Automated voice imitation can defeat voice-recognition security

“As a result, just a few minutes’ worth of audio in a victim’s voice would lead to the cloning of the victim’s voice itself,” Saxena said. “The consequences of such a clone can be grave. Because voice is a characteristic unique to each person, it forms the basis of the authentication of the person, giving the attacker the keys to that person’s privacy.”

As a case study for this paper, the researchers investigated the aftermaths of stealing voices in two important applications and contexts that rely upon voices as the basis for authentication.

The first application is a voice-biometrics, or speaker-verification, system that uses the potentially unique features of an individual’s voice to authenticate that individual.

“Voice biometrics is the new buzzword among banks and credit card companies,” Saxena said. “Many banks and credit card companies are striving for giving their users a hassle-free experience in using their services in terms of accessing their accounts using voice biometrics.”

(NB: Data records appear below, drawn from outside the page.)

(* Let $1\to N\to G\to Q\to1$ be a short exact sequence of groups. If $G$ is SQ-universal, then $N$ or $Q$ is SQ-universal.
   Context: A group $G$ is SQ-universal if every countable group embeds in some quotient of $G$. *)

Record Group := {
  carrier :> Type;
  gmul : carrier -> carrier -> carrier;
  gone : carrier;
  ginv : carrier -> carrier;
  gmul_assoc : forall x y z, gmul x (gmul y z) = gmul (gmul x y) z;
  gmul_1l : forall x, gmul gone x = x;
  gmul_1r : forall x, gmul x gone = x;
  gmul_Vl : forall x, gmul (ginv x) x = gone;
  gmul_Vr : forall x, gmul x (ginv x) = gone
}.

Definition is_hom (A B : Group) (f : A -> B) : Prop :=
  forall x y : A, f (gmul A x y) = gmul B (f x) (f y).

Definition injective {A B : Type} (f : A -> B) : Prop :=
  forall x y, f x = f y -> x = y.

Definition surjective {A B : Type} (f : A -> B) : Prop :=
  forall y, exists x, f x = y.

Definition countable (A : Type) : Prop :=
  exists f : A -> nat, injective f.

Definition short_exact (N G Q : Group) (i : N -> G) (p : G -> Q) : Prop :=
  is_hom N G i /\ is_hom G Q p /\ injective i /\ surjective p /\
  (forall g : G, p g = gone Q <-> exists n : N, i n = g).

(* G is SQ-universal: every countable group embeds in some quotient of G.
   A quotient of G is represented (up to isomorphism) as a group H together
   with a surjective homomorphism G -> H. *)
Definition SQ_universal (G : Group) : Prop :=
  forall C : Group, countable C ->
    exists (H : Group) (q : G -> H),
      is_hom G H q /\ surjective q /\
      exists e : C -> H, is_hom C H e /\ injective e.

(* If neither N nor Q is SQ-universal, pick countable groups C2, not embeddable in any
   quotient of N, and C1, not embeddable in any quotient of Q.  Both embed in one countable
   group S in which the normal closure of every nontrivial element of C1 contains C2: let S
   act on C1 x Z x C2 by translations of the first factor (C1), twists of the last factor
   over the half-axis x = 1, n >= 0 (C2), and the shift of the axis.  The commutator of a
   twist with the shift is a pulse supported on the single fibre x = 1, n = 0, and this
   copy of C2 lies in the normal closure of any translation d <> 1, since conjugating by
   d moves twists off the axis.  Now let S embed in a quotient H of G and let M be the image
   of N in H.  If M meets C1 nontrivially it contains C2, and M is a quotient of N;
   otherwise C1 embeds in H / M, which is a quotient of Q. *)

From Stdlib Require Import Classical ClassicalEpsilon FunctionalExtensionality.
From Stdlib Require Import ProofIrrelevance PropExtensionality ZArith Lia List.
From Stdlib Require Cantor.

Declare Scope group_scope.
Open Scope group_scope.
Notation "x * y" := (gmul _ x y) : group_scope.
Notation "x ^-1" := (ginv _ x) (at level 2, left associativity, format "x ^-1") : group_scope.
Notation "1" := (gone _) : group_scope.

The technology has now also been deployed on smartphones as a replacement to traditional PIN locks, and is being used in many government organizations for building access control.

Voice biometrics is based on the assumption that each person has a unique voice that depends not only on his or her physiological features of vocal cords but also on his or her entire body shape, and on the way sound is formed and articulated.

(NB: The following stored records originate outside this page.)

Theorem mainTheorem18 (n : nat) (hn : 3 <= n) : Zplus_eq (Mn n) (n + 2).
Proof.
split; last exact: psd_forcing_set_card_ge hn.
exists [set x : 'I_(2 * n) | x < n + 2]; split; first exact: prefix_forcing_set.
by rewrite card_set_ltn; lia.
Qed.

Once the attacker defeats voice biometrics using fake voices, he could gain unfettered access to the system, which may be a device or a service, employing the authentication functionality.

Secondly, the research team looked at the implications stealing voices had on human communications as its other application for the paper’s case study. The voice-morphing tool imitated two famous celebrities, Oprah Winfrey and Morgan Freeman, in a controlled study environment.

If an attacker can imitate a victim’s voice, the security of remote conversations could be compromised. The attacker could make the morphing system speak literally anything that the attacker wants to, in the victim’s tone and style of speaking, and can launch an attack that can harm a victim’s reputation, his or her security, and the safety of people around the victim.

“For instance, the attacker could post the morphed voice samples on the Internet, leave fake voice messages to the victim’s contacts, potentially create fake audio evidence in the court and even impersonate the victim in real-time phone conversations with someone the victim knows,” Saxena said. “The possibilities are endless.”

The results show that the state-of-the-art automated verification algorithms were largely ineffective to the attacks developed by the research team. The average rate for rejecting fake voices was less than 10 to 20 percent for most victims. Even human verification was vulnerable to the attacks. According to two online studies with about 100 users, researchers found that study participants rejected the morphed voice samples of celebrities as well as somewhat familiar users about half the time.

“Our research showed that voice conversion poses a serious threat, and our attacks can be successful for a majority of cases,” Saxena said. “Worryingly, the attacks against human-based speaker verification may become more effective in the future because voice conversion/synthesis quality will continue to improve, while it can be safely said that human ability will likely not.”

UAB notes that while the results of this study show how vulnerable a person can be to voice attacks, there are ways to prevent one’s voice from being stolen. Saxena suggests people increase their awareness of the possibility of these attacks, and also that they be wary of posting audio clips of their voices online.

“Ultimately, the best defense of all would be the development of speaker verification systems that can completely resist voice imitation attacks by testing the live presence of a speaker,” Saxena said. “Our future research will examine this and other defense strategies.”